Work task =>
Begin at the line containing "inE aD orbT." in the entries below and end at the line containing "by have := lt_trans ax"; transcribe that range exactly and nothing outside it.

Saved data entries
Definition inB (lab : ('I_n -> R) -> {perm 'I_n.+1} * nat)
    (kappa : 'I_m.+1 -> R) (c : 'I_n -> R) : Prop :=
  inB_lab c (lab c).1 (lab c).2 kappa.

End Network.

From Pilot Require Import Defs.
From HB Require Import structures.
From mathcomp Require Import all_boot all_order all_algebra all_fingroup.
From mathcomp Require Import reals.
From mathcomp Require Import boolp polyrcf ring lra zify.

Set Implicit Arguments. Unset Strict Implicit. Unset Printing Implicit Defensive.
Import Order.TTheory GRing.Theory Num.Theory.
Local Open Scope ring_scope.

(* Every positive steady state in P_c lies on the line [line t] through P_c, where the
   steady states are the roots [t] of the polynomial P = [net_rate_poly kappa] with
   [line_pos t]; such a steady state is nondegenerate as soon as P'(t) <> 0.  Adding s to
   kappa_1 adds u p to P, with u = N_11 s and p = [mono_poly ord0] positive on the positive
   part of the line.  Near each of the C = cap_pos roots t of P, the polynomial P + u p with
   |u| small changes sign on [t - e, t] (resp. [t, t + e]) whenever P(t - e) (resp. P(t + e))
   has the sign opposite to u; for one of the two signs of u this happens on at least C of
   the 2C half-intervals, so P + u p still has C positive roots, and by maximality of C no
   others.  A multiple root x of P + u p satisfies u = -P(x)/p(x) and W(x) = 0 for the
   nonzero Wronskian W = P p' - P' p, so all but finitely many u give simple roots only.
   Finally the expression defining B is linear in kappa, so small s keeps (kappa, c) in B. *)

Section ProdDeriv.
Variable R : comNzRingType.

Lemma deriv_prod_seq (I : eqType) (s : seq I) (F : I -> {poly R}) : uniq s ->
  (\prod_(i <- s) F i)^`() = \sum_(l <- s) (F l)^`() * \prod_(i <- s | i != l) F i.
Proof.
elim: s => [|a s IH] /=; first by rewrite !big_nil derivC.
case/andP => a_notin_s s_uniq.
rewrite !big_cons derivM IH // eqxx.
have -> : \prod_(i <- s | i != a) F i = \prod_(i <- s) F i.
  rewrite -big_filter; congr bigop; apply/all_filterP.
  by apply/allP => x xs; apply: contraNneq a_notin_s => <-.
congr (_ + _); rewrite mulr_sumr; apply: eq_big_seq => l ls.
rewrite big_cons ifT; last by apply: contraNneq a_notin_s => ->.
by rewrite mulrCA.
Qed.

Lemma deriv_prod (I : finType) (F : I -> {poly R}) :
  (\prod_i F i)^`() = \sum_l (F l)^`() * \prod_(i | i != l) F i.
Proof. exact: deriv_prod_seq (index_enum_uniq I). Qed.

End ProdDeriv.

Section Wronskian.
Variable R : numDomainType.

Definition wronskian (P p : {poly R}) : {poly R} := P * p^`() - P^`() * p.

Lemma wronskian_neq0 (P p : {poly R}) t :
  P != 0 -> root P t -> p.[t] != 0 -> wronskian P p != 0.
Proof.
move=> P_neq0 Pt pt_neq0.
have [[|k] [q /implyP/(_ P_neq0) qt PE]] := multiplicity_XsubC P t.
  by move: Pt; rewrite PE expr0 mulr1 (negbTE qt).
set Y := 'X - t%:P in PE.
pose B := q * Y * p^`() - (q^`() * Y + q * k.+1%:R) * p.
have WE : wronskian P p = Y ^+ k * B.
  rewrite /wronskian PE derivM deriv_exp derivXsubC -mulr_natr /B /= exprS mul1r.
  set Z := Y ^+ k; ring.
have Bt : B.[t] = - (q.[t] * p.[t] * k.+1%:R).
  by rewrite /B /Y !hornerE hornerMn !hornerE subrr; ring.
have B_neq0 : B != 0.
  apply/eqP => B0; move: Bt; rewrite B0 horner0 => /esym/eqP.
  by rewrite oppr_eq0 !mulf_eq0 -rootE (negbTE qt) (negbTE pt_neq0) pnatr_eq0.
by rewrite WE mulf_neq0 // expf_neq0 // polyXsubC_eq0.
Qed.

End Wronskian.

Section RealField.
Variable R : realFieldType.

Definition open_pred (U : R -> Prop) :=
  forall t, U t -> exists2 e, 0 < e & forall x, `|x - t| < e -> U x.

Lemma ex_small_pos_seq (I : eqType) (s : seq I) (Q : I -> R -> Prop) :
  {in s, forall i e e', e' <= e -> Q i e -> Q i e'} ->
  {in s, forall i, exists2 e, 0 < e & Q i e} ->
  exists2 e, 0 < e & forall i, i \in s -> Q i e.
Proof.
elim: s => [|a s IH] Q_anti Qs; first by exists 1.
have [e1 e10 Qa] := Qs a (mem_head _ _).
have sub_s : {subset s <= a :: s} by move=> i si; rewrite inE si orbT.
have [e2 e20 Qs'] := IH (sub_in1 sub_s Q_anti) (sub_in1 sub_s Qs).
exists (Num.min e1 e2) => [|i]; first by rewrite lt_min e10 e20.
rewrite inE => /predU1P [->|si].
  by apply: (Q_anti _ (mem_head _ _) e1) Qa; rewrite ge_min lexx.
by apply: (Q_anti _ (sub_s _ si) e2) (Qs' i si); rewrite ge_min lexx orbT.
Qed.

Lemma small_perturbation_gt0 (a b : R) : 0 < a ->
  exists2 e, 0 < e & forall s, `|s| < e -> 0 < a + s * b.
Proof.
move=> a_gt0; have b1_gt0 : 0 < `|b| + 1 by rewrite ltr_wpDl.
exists (a / (`|b| + 1)) => [|s]; first exact: divr_gt0.
rewrite ltr_pdivlMr // mulrDr mulr1 => s_small.
have : - (s * b) <= `|s| * `|b| by rewrite -normrM -normrN ler_norm.
have : 0 <= `|s| by [].
lra.
Qed.

Definition shrink (e : R) (k : nat) : R := e / k.+2%:R.

Lemma shrink_gt0 e k : 0 < e -> 0 < shrink e k.
Proof. by move=> e0; rewrite divr_gt0. Qed.

Lemma shrink_lt e k : 0 < e -> shrink e k < e.
Proof. by move=> e0; rewrite ltr_pdivrMr ?ltr0Sn // ltr_pMr // ltr1n. Qed.

Lemma shrink_inj e : e != 0 -> injective (shrink e).
Proof.
move=> e_neq0 a b /(mulfI e_neq0)/invr_inj/eqP.
by rewrite eqr_nat !eqSS => /eqP.
Qed.

Lemma ball_not_subset_seq (T : seq R) t e :
  0 < e -> ~ (forall x, `|x - t| < e -> x \in T).
Proof.
move=> e_gt0 ballT.
have : (size [seq (t + shrink e k)%R | k <- iota 0 (size T).+1] <= size T)%N.
  apply: uniq_leq_size => [|x /mapP [k _ ->]].
    by rewrite map_inj_uniq ?iota_uniq // => a b /addrI/(shrink_inj (lt0r_neq0 e_gt0)).
  by apply: ballT; rewrite addrC addKr gtr0_norm ?shrink_gt0 ?shrink_lt.
by rewrite size_map size_iota ltnn.
Qed.

Lemma sign_majority (I : eqType) (s : seq I) (f : I -> R) :
  all (fun i => f i != 0) s ->
  exists2 sg : R, (sg == 1) || (sg == -1) &
    (size s <= 2 * count (fun i => f i * sg < 0)%R s)%N.
Proof.
move=> s_neq0.
have count_signs : (count (fun i => f i * 1 < 0)%R s +
                     count (fun i => f i * -1 < 0)%R s = size s)%N.
  rewrite -(count_predC (fun i => f i * 1 < 0)); congr addn.
  apply: eq_in_count => i /(allP s_neq0) fi_neq0 /=.
  by rewrite mulr1 mulrN1 oppr_lt0 lt_def fi_neq0 -leNgt.
have [le|lt] := leqP (count (fun i => f i * -1 < 0) s) (count (fun i => f i * 1 < 0) s).
  by exists 1; [rewrite eqxx | lia].
by exists (-1); [rewrite eqxx orbT | lia].
Qed.

Lemma separating_radius (U : R -> Prop) (T : seq R) :
  open_pred U -> (forall t, t \in T -> U t) ->
  exists2 e, 0 < e & forall t, t \in T ->
    (forall t', t' \in T -> t' != t -> 2 * e < `|t - t'|) /\
    (forall x, `|x - t| <= e -> U x).
Proof.
move=> U_open TU; apply: ex_small_pos_seq => [t _ e e' le [sep ball] | t tT].
  split=> [t' t'T ne|x xt]; last by apply: ball; apply: le_trans xt le.
  by apply: le_lt_trans (sep _ t'T ne); lra.
have [e1 e1_gt0 sep] : exists2 e, 0 < e &
    forall t', t' \in T -> t' != t -> 2 * e < `|t - t'|.
  apply: ex_small_pos_seq => [t' _ a b ba sep ne|t' _].
    by apply: le_lt_trans (sep ne); lra.
  have [->|ne] := eqVneq t' t; first by exists 1.
  have dist_gt0 : 0 < `|t - t'| by rewrite normr_gt0 subr_eq0 eq_sym.
  by exists (`|t - t'| / 4) => [|_]; [rewrite divr_gt0 | lra].
have [e2 e2_gt0 ball] := U_open t (TU t tT).
exists (Num.min e1 (e2 / 2)) => [|]; first by rewrite lt_min e1_gt0 divr_gt0.
have m1 : Num.min e1 (e2 / 2) <= e1 by rewrite ge_min lexx.
have m2 : Num.min e1 (e2 / 2) <= e2 / 2 by rewrite ge_min lexx orbT.
split=> [t' t'T ne|x xt]; first by apply: le_lt_trans (sep _ t'T ne); lra.
by apply: ball; lra.
Qed.

Lemma perturbed_sign_change (sg eta a pt pz : R) : (sg == 1) || (sg == -1) ->
  0 < eta -> 0 < pt -> 0 < pz -> a * sg < 0 -> eta * pz < `|a| ->
  (a + sg * eta * pz) * (sg * eta * pt) < 0.
Proof.
move=> /orP[] /eqP -> eta_gt0 pt_gt0 pz_gt0 a_sg small.
  rewrite mulr1 in a_sg; rewrite ltr0_norm // in small.
  have : 0 < eta * pt by rewrite mulr_gt0.
  rewrite !mul1r; nra.
rewrite mulrN1 oppr_lt0 in a_sg; rewrite gtr0_norm // in small.
have : 0 < eta * pt by rewrite mulr_gt0.
rewrite !mulN1r !mulNr; nra.
Qed.

End RealField.

Section RootsInIntervals.
Variable R : rcfType.

Lemma roots_in_disjoint_intervals (I : eqType) (iv : I -> R * R) (Q : {poly R})
    (D : seq I) :
  uniq D ->
  {in D &, forall d d', d != d' -> ((iv d).2 <= (iv d').1) || ((iv d').2 <= (iv d).1)} ->
  {in D, forall d, (iv d).1 <= (iv d).2 /\ Q.[(iv d).1] * Q.[(iv d).2] < 0} ->
  exists L : seq R, [/\ uniq L, size L = size D &
    forall x, x \in L -> root Q x /\ exists2 d, d \in D & (iv d).1 < x < (iv d).2].
Proof.
elim: D => [|d D IH] /=; first by exists [::].
case/andP=> d_notin_D D_uniq disj sgn.
have subD : {subset D <= d :: D} by move=> a aD; rewrite inE aD orbT.
have [L [L_uniq sizeL HL]] := IH D_uniq (sub_in2 subD disj) (sub_in1 subD sgn).
have [le sgd] := sgn d (mem_head _ _).
have [x + Qx] := poly_ivtoo le sgd; rewrite in_itv /= => xd.
exists (x :: L); split => /=; [|by rewrite sizeL|].
  rewrite L_uniq andbT; apply/negP => /HL [_ [d' d'D xd']].
  have d_neq : d != d' by apply: contraNneq d_notin_D => ->.
  move/(disj d d' (mem_head _ _) (subD _ d'D)): d_neq.
  move: xd xd'; case: (iv d) => a b; case: (iv d') => a' b' /=.
  move=> /andP[ax xb] /andP[a'x xb'] /orP[] sep.
    by have := lt_trans a'x (lt_le_trans xb sep); rewrite ltxx.
  by have := lt_trans ax (lt_le_trans xb' sep); rewrite ltxx.
move=> y; rewrite inE => /predU1P [->|/HL [Qy [d' d'D yd']]].
  by split=> //; exists d; rewrite ?mem_head.
by split=> //; exists d'; rewrite ?subD.
Qed.

End RootsInIntervals.

Section RootPerturbation.
Variable R : rcfType.
Variable U : R -> Prop.

Definition simple_roots_on (Q : {poly R}) :=
  forall x, U x -> root Q x -> ~~ root Q^`() x.

Variables (P p : {poly R}).
Hypothesis p_gt0 : forall x, U x -> 0 < p.[x].

Lemma ex_simple_roots_perturbation (f : nat -> R) :
  wronskian P p != 0 -> injective f -> exists k, simple_roots_on (P + f k *: p).
Proof.
move=> W_neq0 f_inj; apply: contrapT => /forallNP not_simple.
have multiple k : exists x,
    [/\ U x, root (P + f k *: p) x & root (P + f k *: p)^`() x].
  apply: contrapT => /forallNP no_multiple; apply: (not_simple k) => x Ux Qx.
  by apply/negP => Q'x; apply: (no_multiple x).
have [g gP] := choice multiple.
have g_spec k : root (wronskian P p) (g k) /\ f k = - P.[g k] / p.[g k].
  have [Ux] := gP k; rewrite derivD derivZ /root !hornerD !hornerZ => /eqP Pg /eqP P'g.
  have pg_neq0 := lt0r_neq0 (p_gt0 Ux).
  have PE : P.[g k] = - (f k * p.[g k]) by lra.
  have P'E : P^`().[g k] = - (f k * p^`().[g k]) by lra.
  split; last by rewrite PE; field.
  by rewrite /root /wronskian !hornerE PE P'E; apply/eqP; ring.
have g_inj : injective g.
  by move=> a b gab; apply: f_inj; rewrite (g_spec a).2 (g_spec b).2 gab.
pose rs := [seq g k | k <- iota 0 (size (wronskian P p))].
have : (size rs < size (wronskian P p))%N.
  apply: max_poly_roots W_neq0 _ _; last by rewrite map_inj_uniq ?iota_uniq.
  by apply/allP => x /mapP [k _ ->]; exact: (g_spec k).1.
by rewrite size_map size_iota ltnn.
Qed.

Variable T : seq R.
Hypothesis U_open : open_pred U.
Hypothesis T_uniq : uniq T.
Hypothesis T_roots : forall x, x \in T <-> U x /\ root P x.

Lemma enum_roots_poly_neq0 : (0 < size T)%N -> P != 0.
Proof.
move=> T_gt0; apply/eqP => P0.
have /T_roots [Ut _] := mem_nth 0 T_gt0.
have [e e_gt0 ball] := U_open Ut.
apply: (ball_not_subset_seq e_gt0) => x /ball Ux.
by apply/T_roots; rewrite P0 /root horner0.
Qed.

Lemma enum_roots_wronskian_neq0 : (0 < size T)%N -> wronskian P p != 0.
Proof.
move=> T_gt0; have /T_roots [Ut Pt] := mem_nth 0 T_gt0.
exact: wronskian_neq0 (enum_roots_poly_neq0 T_gt0) Pt (lt0r_neq0 (p_gt0 Ut)).
Qed.

(* [lra] does not use section hypotheses, hence the local copies of [e_gt0]. *)
Section Sides.
Variable e : R.
Hypothesis e_gt0 : 0 < e.
Hypothesis e_sep : forall t, t \in T ->
  (forall t', t' \in T -> t' != t -> 2 * e < `|t - t'|) /\
  (forall x, `|x - t| <= e -> U x).

Definition sides : seq (R * bool) := [seq (t, b) | t <- T, b <- [:: true; false]].
Definition endpoint (d : R * bool) := if d.2 then d.1 - e else d.1 + e.
Definition side_interval (d : R * bool) :=
  if d.2 then (d.1 - e, d.1) else (d.1, d.1 + e).

Lemma sides_T d : d \in sides -> d.1 \in T.
Proof. by case/allpairsP => -[t b] [tT _ ->]. Qed.

Lemma sides_uniq : uniq sides.
Proof. by rewrite allpairs_uniq // => -[? ?] [? ?] _ _ [-> ->]. Qed.

Lemma size_sides : size sides = (size T * 2)%N.
Proof. by rewrite size_allpairs. Qed.

Lemma endpoint_U d : d \in sides -> U (endpoint d).
Proof.
case: d => t b /sides_T /e_sep [_ ball]; apply: ball.
have e0 := e_gt0.
by case: b; rewrite /endpoint /= ler_distl; apply/andP; split; lra.
Qed.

Solution =>
have subD : {subset D <= d :: D} by move=> a aD; rewrite inE aD orbT.
have [L [L_uniq sizeL HL]] := IH D_uniq (sub_in2 subD disj) (sub_in1 subD sgn).
have [le sgd] := sgn d (mem_head _ _).
have [x + Qx] := poly_ivtoo le sgd; rewrite in_itv /= => xd.
exists (x :: L); split => /=; [|by rewrite sizeL|].
  rewrite L_uniq andbT; apply/negP => /HL [_ [d' d'D xd']].
  have d_neq : d != d' by apply: contraNneq d_notin_D => ->.
  move/(disj d d' (mem_head _ _) (subD _ d'D)): d_neq.
  move: xd xd'; case: (iv d) => a b; case: (iv d') => a' b' /=.
  move=> /andP[ax xb] /andP[a'x xb'] /orP[] sep.
    by have := lt_trans a'x (lt_le_trans xb sep); rewrite ltxx.
  by have := lt_trans ax (lt_le_trans xb' sep); rewrite ltxx.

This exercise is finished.